Wednesday, August 09, 2006


The most interesting field of debate these days is the one about the nature of consciousness. As I’ve said often enough, I believe I can almost imagine I’m a robot (at the deepest chemical levels) and consciousness is no more than the brain “hearing” the sense-based synapses talk among themselves, specifically using the auditory/visual systems, since some people “think” with images and some with language constructs. Consciousness is just an additional level of abstraction. The following paragraphs are by Richard Dawkins in The Selfish Gene, p. 59. He presents his idea of how consciousness evolved, with important reservations and a scientist's caution, of course.

“What about simulation? Well, when you yourself have a difficult decision to make involving unknown quantities in the future, you do go in for a form of simulation. You imagine what would happen if you did each of the alternatives open to you. You set up a model in your head, not of everything in the world, but of the restricted set of entities which you think may be relevant. You may see them vividly in your mind's eye, or you may see and manipulate stylized abstractions of them. In either case it is unlikely that somewhere laid out in your brain is an actual spatial model of the events you are imagining. But, just as in the computer, the details of how your brain represents its model of the world are less important than the fact that it is able to use it to predict possible events. Survival machines that can simulate the future are one jump ahead of survival machines who can only learn on the basis of overt trial and error.

“The evolution of the capacity to simulate seems to have culminated in subjective consciousness.
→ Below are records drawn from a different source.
(* A proper arc is fed by exactly two edges (from one node if only that node
   is missing), so its inflow rate is exactly lam. *)
Lemma isArc_outRate (S : {set 'I_n0}) : isArc S -> (#|S| < #|'I_n0|)%N ->
  lam <= outRate (ring_lg lam) S <= lam.
Proof.
case=> a [k [a_lt k_gt0 ->]] S_lt.
have [j0] := exists_notin S_lt; rewrite inE => j0N.
have k_lt := arc_short n0_ge3 a_lt k_gt0 (ltn_ord j0) j0N.
rewrite /outRate (eq_bigr (fun i : 'I_n0 => lam / 2 *
    (((i : nat) == arc_before n0 a) + ((i : nat) == arc_after n0 a k))%N%:R)); last first.
  by move=> i; rewrite !inE => iN; rewrite ring_rateInto // arc_inflow.
rewrite -mulr_sumr -natr_sum (eq_bigl (mem [set j : 'I_n0 | ~~ arc n0 a k j])); last first.
  by move=> i; rewrite !inE.
rewrite big_split /= !(@sum_eq_indicator n0 (fun x => ~~ arc n0 a k x)) arc_boundary_outside //.
by rewrite divfK ?pnatr_eq0 // lexx.
Qed.
End Rates.

Section Ages.
Variables (R : realFieldType) (n n0 : nat) (ls lam : R).
Hypotheses (n_gt0 : (0 < n)%N) (ls_gt0 : 0 < ls) (lam_gt0 : 0 < lam).

Local Notation c := (lam / n%:R).

Lemma source_rate_gt0 : 0 < c.
Proof. by rewrite divr_gt0 // ltr0n. Qed.

Lemma lineAge_homAge (i : 'I_n0) :
  homAge c ls lam n0.-1 1 <= lineAge n ls lam i <= homAge c ls (lam / 2) n0.-1 1.
Proof.
have interval_i : isInterval [set i].
  exists (i : nat), 1%N; split => //.
  by apply/setP => j; rewrite !inE -val_eqE /interval /=; lia.
have half_gt0 : 0 < lam / 2 by rewrite divr_gt0.
have half_le : lam / 2 <= lam by rewrite ler_pdivrMr // ler_peMr ?(ltW lam_gt0) ?ler1n.
have := age_sandwich source_rate_gt0 ls_gt0 (line_lg_ge0 lam_gt0) half_gt0 half_le
  (@isInterval_card_gt0 n0) (isInterval_grow lam_gt0) (isInterval_outRate lam_gt0) interval_i.
by rewrite cards1 card_ord subn1.
Qed.

Hypothesis n0_ge3 : (2 < n0)%N.

Lemma ringAge_homAge (i : 'I_n0) : ringAge n ls lam i = homAge c ls lam n0.-1 1.
Proof.
have arc_i : isArc [set i].
  exists (i : nat), 1%N; split => //.
  by apply/setP => j; rewrite !inE -val_eqE /arc /=; have := ltn_ord i; lia.
have := age_sandwich source_rate_gt0 ls_gt0 (ring_lg_ge0 lam_gt0) lam_gt0 (lexx lam)
  (@isArc_card_gt0 n0) (isArc_grow lam_gt0 n0_ge3) (isArc_outRate lam_gt0 n0_ge3) arc_i.
rewrite cards1 card_ord subn1 => /andP[age_ge age_le].
by apply/le_anti; rewrite /ringAge /nodeAge age_ge age_le.
Qed.
End Ages.

(* The main theorem keeps all its binders explicit.  Node 1 plays no special
   role: by symmetry every ring node has the same age. *)
Unset Implicit Arguments. Set Strict Implicit.

Theorem mainTheorem2 (R : realFieldType) (n n0 : nat) (ls lam : R)
  (hn : (1 <= n)%N) (hls : 0 < ls) (hlam : 0 < lam) (hn0 : (3 <= n0)%N)
  (node1 : 'I_n0) (h1 : nat_of_ord node1 = 0%N) (i : 'I_n0) :
  ringAge n ls lam node1 <= lineAge n ls lam i <= 2 * ringAge n ls lam node1.
Proof.
rewrite (ringAge_homAge hn hls hlam hn0).
have /andP[line_ge line_le] := lineAge_homAge hn hls hlam i.
rewrite line_ge /=; apply: le_trans line_le _.
have := homAge_double (source_rate_gt0 hn hlam) hls n0.-1 (k := 1%N) (ltW (divr_gt0 hlam (ltr0Sn R 1))) isT.
by rewrite [2 * (lam / 2)]mulrC divfK ?pnatr_eq0.
Qed.
(* Let $A$ be a Witt-perfect ring and let $B$ be a $p$-torsion free $A$-algebra. Then $B$ is Witt-perfect if and only if the Frobenius map $x\mapsto x^p$ on $B/pB$ is surjective.
   Context: Fix a prime $p$. For a ring $A$, $\mathbf W_{p^n}(A)$ denotes the ring of $p$-typical Witt vectors of length $n+1$ (as a set $A^{n+1}$), and $\mathbf F:\mathbf W_{p^n}(A)\to\mathbf W_{p^{n-1}}(A)$ the Witt-Frobenius ring homomorphism. $A$ is Witt-perfect if $\mathbf F:\mathbf W_{p^n}(A)\to\mathbf W_{p^{n-1}}(A)$ is surjective for all $n\ge 2$. A ring is $p$-torsion free if $p$ is a nonzero divisor in it. *)

From HB Require Import structures.
From mathcomp Require Import all_boot all_order all_algebra.
Set Implicit Arguments. Unset Strict Implicit. Unset Printing Implicit Defensive.
Import Order.TTheory GRing.Theory Num.Theory.
Local Open Scope ring_scope.

Inductive zterm : Type :=
  | ZVar of nat
  | ZConst of int
  | ZAdd of zterm & zterm
  | ZMul of zterm & zterm
  | ZOpp of zterm.

Fixpoint zeval (R : comPzRingType) (x : nat -> R) (t : zterm) : R :=
  match t with
  | ZVar i => x i
  | ZConst c => c%:~R
  | ZAdd t1 t2 => zeval x t1 + zeval x t2
  | ZMul t1 t2 => zeval x t1 * zeval x t2
  | ZOpp t1 => - zeval x t1
  end.

Definition ghost (R : comPzRingType) (p k : nat) (x : nat -> R) : R :=
  \sum_(i < k.+1) (p%:R) ^+ i * (x i) ^+ (p ^ (k - i))%N.

(* phi = (phi_0, ..., phi_{n-1}) are the integer polynomials defining the
   Witt-Frobenius  F : W_{p^n} -> W_{p^(n-1)}, characterised (uniquely, as Z
   is p-torsion free and infinite) by the ghost identities
   w_k(F(X)) = w_{k+1}(X) for k < n, checked on all integer inputs. *)
Definition FrobPolys (p n : nat) (phi : nat -> zterm) : Prop :=
  forall (x : nat -> int) (k : nat), (k < n)%N ->
    ghost p k (fun i => zeval x (phi i)) = ghost p k.+1 x.

(* A Witt vector of length n+1 is a map 'I_n.+1 -> A; extend by 0. *)
Definition wext (A : comPzRingType) (n : nat) (a : 'I_n.+1 -> A) : nat -> A :=
  fun j => if (j < n.+1)%N then a (inord j) else 0.

Definition WittFrob_surj (A : comPzRingType) (p n : nat) : Prop :=
  exists phi : nat -> zterm, FrobPolys p n phi /\
    forall y : 'I_n -> A, exists a : 'I_n.+1 -> A,
      forall i : 'I_n, zeval (wext a) (phi i) = y i.

Definition WittPerfect (A : comPzRingType) (p : nat) : Prop :=
  forall n : nat, (2 <= n)%N -> WittFrob_surj A p n.

Definition p_torsion_free (B : comPzRingType) (p : nat) : Prop :=
  forall b : B, p%:R * b = 0 -> b = 0.

Definition frob_modp_surj (B : comPzRingType) (p : nat) : Prop :=
  forall b : B, exists c d : B, b = c ^+ p + p%:R * d.

From HB Require Import structures.
From mathcomp Require Import all_boot all_order all_algebra.
From mathcomp Require Import ring mpoly zify.
Set Implicit Arguments. Unset Strict Implicit. Unset Printing Implicit Defensive.
Import GRing.Theory.
Local Open Scope ring_scope.

(** The proof works on the
    ghost side: for p-torsion free B the ghost map is injective, and the
    Witt-Frobenius F : W_{p^(m+1)} -> W_{p^m} becomes the shift
    w_k(F a) = w_(k+1)(a).

    - Ghost components and integer polynomial terms; an integer polynomial
      vanishing on Z^n is zero, so the ghost identities of the Frobenius
      polynomials hold in every commutative ring ([frobpolys_ghost]).
    - Dwork's lemma for a ring with a lift of Frobenius, applied in polynomial
      rings over Z, shows that ghost sequences are closed under +, *, -
      ([is_ghostD], [is_ghostM], [is_ghostN]).
    - The ghost sequences of F-images form a subring containing the
      Teichmueller images [b^p], p times any ghost sequence (F V = p), and,
      when A is Witt-perfect, the unit vectors V^j[1].  If Frobenius is
      surjective mod p, a ghost sequence is reached from these by successive
      approximation ([frob_image_all]), which gives surjectivity of F
      ([witt_frob_surj]).  Conversely w_0(F a) = a_0^p + p a_1.
    - The main theorem treats the zero ring separately and otherwise combines
      the above with the unit vectors pushed from W(A) to W(B). *)

Lemma ghost_ext (R : comPzRingType) p k (x y : nat -> R) :
  (forall i, (i <= k)%N -> x i = y i) -> ghost p k x = ghost p k y.
Proof. by move=> exy; apply: eq_bigr => i _; rewrite exy // -ltnS. Qed.

Lemma ghost_rmorph (R S : comPzRingType) (g : {rmorphism R -> S}) p k
    (x : nat -> R) :
  g (ghost p k x) = ghost p k (g \o x).
Proof.
rewrite rmorph_sum; apply: eq_bigr => i _.
by rewrite rmorphM rmorphXn rmorph_nat rmorphXn.
Qed.

Lemma ghost0 (R : comPzRingType) p (x : nat -> R) : ghost p 0 x = x 0%N.
Proof. by rewrite /ghost big_ord1 expr0 mul1r expn0 expr1. Qed.

Lemma ghostS (R : comPzRingType) p k (x : nat -> R) :
  ghost p k.+1 x = \sum_(i < k.+1) (p%:R) ^+ i * (x i) ^+ (p ^ (k.+1 - i))
                   + (p%:R) ^+ k.+1 * x k.+1.
Proof. by rewrite /ghost big_ord_recr /= subnn expn0 expr1. Qed.

Lemma ghost_zero (R : comPzRingType) p k : (0 < p)%N ->
  ghost p k (fun _ => 0 : R) = 0.
Proof.
by move=> p_gt0; rewrite /ghost big1 // => i _; rewrite expr0n expn_eq0 gtn_eqF ?mulr0.
Qed.
Lemma bigmax_ge0 (T : finType) (F : T -> R) : 0 <= \big[Rmax/0]_(s : T) F s.
Proof. by elim/big_rec: _ => [|t x _ x0]; [lra | apply: Rle_trans x0 (Rmax_r _ _)]. Qed.

Lemma Rsup_eq_lub (E : R -> Prop) x : is_lub E x -> Rsup E = x.
Proof.
move=> Ex; have [Eub Elub] := epsilon_spec (inhabits 0) _ (ex_intro _ x Ex).
by case: Ex => ub lub; apply: Rle_antisym; [apply: Elub | apply: lub].
Qed.

Lemma le_Rsup (E : R -> Prop) B x : (forall y, E y -> y <= B) -> E x -> x <= Rsup E.
Proof.
move=> EB Ex; have [l El] := completeness E (ex_intro _ B EB) (ex_intro _ x Ex).
by rewrite (Rsup_eq_lub El); apply El.
Qed.

Lemma rpowE x y : 0 < x -> rpow x y = Rpower x y.
Proof. by rewrite /rpow; case: Rle_dec => //= *; lra. Qed.

Lemma rpow0 y : rpow 0 y = 0.
Proof. by rewrite /rpow; case: Rle_dec => //= *; lra. Qed.

Lemma rpow_gt0 x y : 0 < x -> 0 < rpow x y.
Proof. by move=> x0; rewrite rpowE //; apply: exp_pos. Qed.

Lemma rpow_ge0 x y : 0 <= rpow x y.
Proof.
rewrite /rpow; case: Rle_dec => h /=; [lra | left; apply: exp_pos].
Qed.

Lemma rpowM x y z : 0 <= x -> rpow (rpow x y) z = rpow x (y * z).
Proof.
case=> [x0|<-]; last by rewrite !rpow0.
by rewrite !rpowE ?Rpower_mult //; apply: exp_pos.
Qed.
Lemma diffop_conj N a : diffop N a -> diffop N (conj_op s s' a).
Proof.
have [_ [_ [_ [_ [s'M s'1]]]]] := Palg_auto_sym.
elim: N a => [|N IH] a [la ea]; split; try exact: linear_conj_op.
  by move=> g; rewrite /conj_op /= ea sM s'1 s'K.
move=> f; apply: diffop_ext (IH _ (ea (s' f))) => g.
by rewrite /opcomm /conj_op /= s'M (linear_funB Palg_auto_linear) sM s'K.
Qed.

(* Conjugates of the generators have finite order, hence lie in [D(P_n)]. *)
Lemma inD_conj a : inD a -> inD (conj_op s s' a).
Proof.
elim=> [f|i k|a1 b1 _ IH1 _ IH2|c a1 _ IH|a1 b1 _ IH1 _ IH2|a1 b1 _ IH e].
- by rewrite conj_op_mulop; apply: inD_mul.
- exact: diffop_inD (diffop_conj (diffop_dpow K i k)).
- by rewrite conj_op_add; apply: inD_add.
- by rewrite conj_op_scale; apply: inD_scale.
- by rewrite conj_op_comp; apply: inD_comp.
- by apply: inD_ext IH _ => g; rewrite /conj_op /= e.
Qed.

End PolyAutomorphism.

Lemma conj_Dalg_auto (K : fieldType) (n : nat) (s s' : {mpoly K[n]} -> {mpoly K[n]}) :
  Palg_auto s s' -> Dalg_auto (conj_op s s').
Proof.
move=> s_auto; have s'_auto := Palg_auto_sym s_auto.
do !split.
- exact: inD_conj s_auto.
- by move=> a b _ _ /(congr1 (conj_op s' s)); rewrite !(conj_opK s_auto).
- move=> b Db; exists (conj_op s' s b); first exact: (inD_conj s'_auto Db).
  exact: conj_opK s'_auto b.
- by move=> a b _ _; apply: conj_op_add.
- by move=> c a _; apply: conj_op_scale.
- by move=> a b _ _; apply: conj_op_comp.
- exact: conj_op_id.
Qed.

Lemma conj_preserves_P (K : fieldType) (n : nat) (s s' : {mpoly K[n]} -> {mpoly K[n]}) :
  Palg_auto s s' -> preserves_P (conj_op s s').
Proof.
move=> s_auto; split=> f; first by exists (s f); apply: conj_op_mulop.
by exists (s' f); rewrite (conj_op_mulop s_auto) s_auto.2.1.
Qed.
Why this should have happened is, to me, the most profound mystery facing modern biology. There is no reason to suppose that electronic computers are conscious when they simulate, although we have to admit that in the future they may become so. Perhaps consciousness arises when the brain's simulation of the world becomes so complete that it must include a model of itself. Obviously the limbs and body of a survival machine must constitute an important part of its simulated world; presumably for the same kind of reason, the simulation itself could be regarded as part of the world to be simulated. Another word for this might indeed be 'self-awareness', but I don't find this a fully satisfying explanation of the evolution of consciousness, and this is only partly because it involves an infinite regress—if there is a model of the model, why not a model of the model of the model. . . ?”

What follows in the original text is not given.